In other words, if you want to be able to add mass to your black hole by having it gobble up surrounding matter, you'll want it bigger than several tens of millions of metric tons.
Interestingly, the limit for net mass gain for the Eddington limit is very similar to that of the Bondi_Hoyle limit. In order to get a black hole that gains mass, you're pretty much going to need at least a mass somewhere in the 30 to 50 million metric ton range.
Reaction rates at sub-atomic sizes
We now know the rate at which matter can fall on to a black hole, getting past both the radiation coming from the hole and its inner accretion disk and for getting past the choked flow of the material getting in its own way. But what about when it reaches the hole? Obviously, if the hole is bigger than the size of an atom any atoms it touches will immediately get sucked in. But a lot of holes of engineering interest are much smaller than this. A black hole with a mass of 50 million tons would have a Schwarzschild radius of about 10 times smaller than that of a proton. If a hydrogen atom fell into the hole, it would end up sitting there with the black hole inside of the proton. How quickly could the hole slurp up that proton and its companion electron?

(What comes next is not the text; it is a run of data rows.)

Lemma Kweight_conj k X c : (1 <= k <= m + n)%N -> c != 0 ->
  K k * X * Kinv k = c *: X -> Kweight k X c.
Proof.
move=> hk c0 hX; have KX : skewcomm c (K k) X.
  by rewrite /skewcomm scalerAl -hX -[_ * Kinv k * K k]mulrA mulKinvK ?mulr1.
by split=> //; apply: skewcomm_inverse KX; rewrite ?mulKKinv ?mulKinvK.
Qed.

Lemma Kweight_mul k X Y c1 c2 :
  Kweight k X c1 -> Kweight k Y c2 -> Kweight k (X * Y) (c1 * c2).
Proof. by move=> [hX hX'] [hY hY']; split; rewrite ?invfM; apply: skewcomm_mulr. Qed.

Lemma Kweight_qcomm k a X Y c1 c2 :
  Kweight k X c1 -> Kweight k Y c2 -> Kweight k (qcomm a X Y) (c1 * c2).
Proof. by move=> [hX hX'] [hY hY']; split; rewrite ?invfM; apply: skewcomm_qcomm. Qed.

Lemma Kweight_K k l : (1 <= k <= m + n)%N -> (1 <= l <= m + n)%N -> Kweight k (K l) 1.
Proof.
by move=> hk hl; rewrite /Kweight invr1; split; apply/skewcomm1;
  [apply: comm_K_K | apply: comm_Kinv_K].
Qed.

Lemma Kweight_Kinv k l : (1 <= k <= m + n)%N -> (1 <= l <= m + n)%N -> Kweight k (Kinv l) 1.
Proof.
move=> hk hl; rewrite /Kweight invr1; split; apply/skewcomm1; last exact: comm_Kinv_Kinv.
by apply/commr_sym/comm_Kinv_K.
Qed.

Lemma Kweight_ratio k1 k2 X c1 c2 : Kweight k1 X c1 -> Kweight k2 X c2 ->
  skewcomm (c1 / c2) (K k1 * Kinv k2) X /\ skewcomm (c2 / c1) (Kinv k1 * K k2) X.
Proof. by move=> [h1 h1'] [h2 h2']; split; [|rewrite mulrC]; apply: skewcomm_mull. Qed.

Definition Eweight k a b : Cq C := if k == a then Q k else if k == b then (Q k)^-1 else 1.

Lemma Eweight_l a b : (a < b)%N -> Eweight a a b = Q a.
Proof. by rewrite /Eweight eqxx. Qed.

Lemma Eweight_r a b : (a < b)%N -> Eweight b a b = (Q b)^-1.
Proof. by move=> ab; rewrite /Eweight eqxx ifN //; lia. Qed.

Lemma Eweight_out k a b : k != a -> k != b -> Eweight k a b = 1.
Proof. by move=> ka kb; rewrite /Eweight (negbTE ka) (negbTE kb). Qed.

Lemma Eweight_neq0 k a b : Eweight k a b != 0.
Proof.
by rewrite /Eweight; case: ifP => _; [|case: ifP => _]; rewrite ?invr_eq0 ?Q_neq0 ?oner_eq0.
Qed.

Lemma Eweight_split k a c b : (a < c < b)%N -> Eweight k a c * Eweight k c b = Eweight k a b.
Proof.
rewrite /Eweight => hacb.
by repeat case: eqP => ? //; subst; rewrite ?mulr1 ?mul1r ?mulVf ?Q_neq0 //; lia.
Qed.

Lemma expr_dexp k l : Q k ^ dexp k l = Eweight k l l.+1.
Proof.
rewrite /dexp /Eweight; have [->|_] := eqVneq k l.
  by rewrite (_ : (l == l.+1) = false) ?subr0 ?expr1z //; lia.
by case: eqP => _ /=; rewrite ?sub0r ?exprN1 ?subr0 ?expr0z.
Qed.

Lemma Eij_base a : E a a.+1 = e a.
Proof. by rewrite /Eij subSnn. Qed.

Lemma Fij_base a : F a a.+1 = f a.
Proof. by rewrite /Fij subSnn. Qed.

Lemma Eij_rec a b : (a.+1 < b)%N -> E a b = qcomm (Q a.+1)^-1 (e a) (E a.+1 b).
Proof. by move=> ab; rewrite /Eij (_ : (b - a - 1 = (b - a.+1 - 1).+1)%N) //; lia. Qed.

Lemma Fij_rec a b : (a.+1 < b)%N -> F a b = qcomm (Q a.+1) (F a.+1 b) (f a).
Proof.
move=> ab; rewrite /Fij (_ : (b - a - 1 = (b - a.+1 - 1).+1)%N) /=; last by lia.
by rewrite /qcomm addrC.
Qed.

Lemma Kweight_e k l : (1 <= k <= m + n)%N -> (1 <= l < m + n)%N ->
  Kweight k (e l) (Eweight k l l.+1).
Proof. by move=> hk hl; apply: Kweight_conj; rewrite ?Eweight_neq0 -?expr_dexp ?conj_K_e. Qed.

Lemma Kweight_f k l : (1 <= k <= m + n)%N -> (1 <= l < m + n)%N ->
  Kweight k (f l) (Eweight k l l.+1)^-1.
Proof.
move=> hk hl.
by apply: Kweight_conj; rewrite ?invr_eq0 ?Eweight_neq0 -?expr_dexp ?invr_expz ?conj_K_f.
Qed.

Lemma Kweight_e_out k l : (1 <= k <= m + n)%N -> (1 <= l < m + n)%N ->
  k != l -> k != l.+1 -> Kweight k (e l) 1.
Proof. by move=> hk hl kl kl1; rewrite -(@Eweight_out k l l.+1) //; apply: Kweight_e. Qed.

Lemma Kweight_f_out k l : (1 <= k <= m + n)%N -> (1 <= l < m + n)%N ->
  k != l -> k != l.+1 -> Kweight k (f l) 1.
Proof. by move=> hk hl kl kl1; rewrite -invr1 -(@Eweight_out k l l.+1) //; apply: Kweight_f. Qed.

Lemma Kweight_E k a b : (1 <= k <= m + n)%N -> (1 <= a)%N -> (a < b)%N -> (b <= m + n)%N ->
  Kweight k (E a b) (Eweight k a b).
Proof.
move=> hk + hab; elim/ltn_ind_left: a b / hab => [a|a b ab IH] ha hb.
  by rewrite Eij_base; apply: Kweight_e; lia.
rewrite Eij_rec // -(@Eweight_split k a a.+1 b); last by lia.
by apply: Kweight_qcomm; [apply: Kweight_e | apply: IH]; lia.
Qed.

Lemma Kweight_F k a b : (1 <= k <= m + n)%N -> (1 <= a)%N -> (a < b)%N -> (b <= m + n)%N ->
  Kweight k (F a b) (Eweight k a b)^-1.
Proof.
move=> hk + hab; elim/ltn_ind_left: a b / hab => [a|a b ab IH] ha hb.
  by rewrite Fij_base; apply: Kweight_f; lia.
rewrite Fij_rec // -(@Eweight_split k a a.+1 b) ?invfM 1?mulrC; last by lia.
by apply: Kweight_qcomm; [apply: IH | apply: Kweight_f]; lia.
Qed.

Lemma comm_e_F k a b : (1 <= k < m + n)%N -> (1 <= a)%N -> (a < b)%N -> (b <= m + n)%N ->
  (k < a)%N || (b <= k)%N -> GRing.comm (e k) (F a b).
Proof.
move=> hk + hab; elim/ltn_ind_left: a b / hab => [a|a b ab IH] ha hb hkab.
  by rewrite Fij_base; apply: comm_e_f; lia.
by rewrite Fij_rec //; apply: commr_qcomm; [apply: IH | apply: comm_e_f]; lia.
Qed.

Lemma comm_f_E k a b : (1 <= k < m + n)%N -> (1 <= a)%N -> (a < b)%N -> (b <= m + n)%N ->
  (k < a)%N || (b <= k)%N -> GRing.comm (f k) (E a b).
Proof.
move=> hk + hab; elim/ltn_ind_left: a b / hab => [a|a b ab IH] ha hb hkab.
  by rewrite Eij_base; apply/commr_sym/comm_e_f; lia.
rewrite Eij_rec //; apply: commr_qcomm; last by apply: IH; lia.
by apply/commr_sym/comm_e_f; lia.
Qed.

Lemma comm_e_E k a b : (1 <= k < m + n)%N -> (1 <= a)%N -> (a < b)%N -> (b <= m + n)%N ->
  (k.+1 < a)%N || (b < k)%N -> GRing.comm (e k) (E a b).
Proof.
move=> hk + hab; elim/ltn_ind_left: a b / hab => [a|a b ab IH] ha hb hkab.
  by rewrite Eij_base; apply: comm_e_e; lia.
by rewrite Eij_rec //; apply: commr_qcomm; [apply: comm_e_e | apply: IH]; lia.
Qed.

Lemma comm_f_F k a b : (1 <= k < m + n)%N -> (1 <= a)%N -> (a < b)%N -> (b <= m + n)%N ->
  (k.+1 < a)%N || (b < k)%N -> GRing.comm (f k) (F a b).
Proof.
move=> hk + hab; elim/ltn_ind_left: a b / hab => [a|a b ab IH] ha hb hkab.
  by rewrite Fij_base; apply: comm_f_f; lia.
by rewrite Fij_rec //; apply: commr_qcomm; [apply: IH | apply: comm_f_f]; lia.
Qed.

Lemma Kweight_KKinv_mull k a b X c : (1 <= k <= m + n)%N -> (1 <= a <= m + n)%N ->
  (1 <= b <= m + n)%N -> Kweight k X c -> Kweight k (K a * Kinv b * X) c.
Proof.
move=> hk ha hb hX; rewrite -[c]mul1r -[1]mul1r.
by apply: Kweight_mul => //; apply: Kweight_mul; [apply: Kweight_K | apply: Kweight_Kinv].
Qed.

Lemma Kweight_KinvK_mulr k a b X c : (1 <= k <= m + n)%N -> (1 <= a <= m + n)%N ->
  (1 <= b <= m + n)%N -> Kweight k X c -> Kweight k (X * Kinv a * K b) c.
Proof.
move=> hk ha hb hX; rewrite -[c]mulr1 -[c]mulr1.
by apply: Kweight_mul; [apply: Kweight_mul => //; apply: Kweight_Kinv | apply: Kweight_K].
Qed.

Lemma skewcomm_KKinv_mull k1 k2 W X c1 c2 :
  Kweight k1 X c1 -> Kweight k2 X c2 -> GRing.comm W X ->
  skewcomm (c1 / c2) (K k1 * Kinv k2 * W) X.
Proof.
move=> h1 h2 /skewcomm1 hW; rewrite -[c1 / c2]mulr1.
by apply: skewcomm_mull hW; case: (Kweight_ratio h1 h2).
Qed.

Lemma skewcomm_KinvK_mulr k1 k2 W X c1 c2 :
  Kweight k1 X c1 -> Kweight k2 X c2 -> GRing.comm W X ->
  skewcomm (c2 / c1) (W * Kinv k1 * K k2) X.
Proof.
move=> h1 h2 /skewcomm1 hW; rewrite -mulrA -[c2 / c1]mul1r.
by apply: skewcomm_mull hW _; case: (Kweight_ratio h1 h2).
Qed.

Lemma cartan_skew_E s b : (1 <= s)%N -> (s.+1 < b)%N -> (b <= m + n)%N ->
  skewcomm (Q s.+1)^-1 (K s * Kinv s.+1) (E s.+1 b) /\
  skewcomm (Q s.+1) (Kinv s * K s.+1) (E s.+1 b).
Proof.
move=> hs sb hb; have [] := Kweight_ratio (@Kweight_E s s.+1 b ltac:(lia) ltac:(lia) sb hb)
  (@Kweight_E s.+1 s.+1 b ltac:(lia) ltac:(lia) sb hb).
by rewrite Eweight_l // Eweight_out ?div1r ?divr1 //; lia.
Qed.

Lemma cartan_skew_F s b : (1 <= s)%N -> (s.+1 < b)%N -> (b <= m + n)%N ->
  skewcomm (Q s.+1) (K s * Kinv s.+1) (F s.+1 b) /\
  skewcomm (Q s.+1)^-1 (Kinv s * K s.+1) (F s.+1 b).
Proof.
move=> hs sb hb; have [] := Kweight_ratio (@Kweight_F s s.+1 b ltac:(lia) ltac:(lia) sb hb)
  (@Kweight_F s.+1 s.+1 b ltac:(lia) ltac:(lia) sb hb).
by rewrite Eweight_l // Eweight_out ?invr1 ?div1r ?mulr1 ?invrK //; lia.
Qed.

Lemma cartan_comm s X : Kweight s X 1 -> Kweight s.+1 X 1 ->
  GRing.comm (K s * Kinv s.+1) X /\ GRing.comm (Kinv s * K s.+1) X.
Proof.
by move=> h1 h2; have [] := Kweight_ratio h1 h2; rewrite divr1 => /skewcomm1 ? /skewcomm1.
Qed.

It is easy enough to get an estimate of how fast a proton or neutron will get eaten once a black hole is inside of it. Both protons and neutrons have a radius of about 8.4 × 10-16 meters. Both are made up of three quarks. This gives a quark density of about 1.21 × 1045 per cubic meter inside of the proton or neutron. Because the binding energy of the quarks is much larger than the mass-energies of the quarks, we can assume that they are highly relativistic and are moving at about light speed. Multiply the density by the speed to get the flux (particles passing through per area per time) and multiply by the surface area of the hole to get the absorption rate of the quarks. Once one quark is eaten, color confinement ensures that the rest of the quarks cannot leave and the particle is stuck to the black hole until the rest of it is eaten, which time we can guestimate by the time needed to eat three quarks. For our 50 million ton black hole, this shakes out to about 1 × 10-22 seconds to eat a proton or neutron. If we multiply by the mass of a proton or neutron, we find that the 50 megaton black hole can eat protons and neutrons at a rate of about 1.4 × 10-5 kg/s if it has a constant supply of protons and neutrons ready to immediately fall into the hole once the previous one was eaten.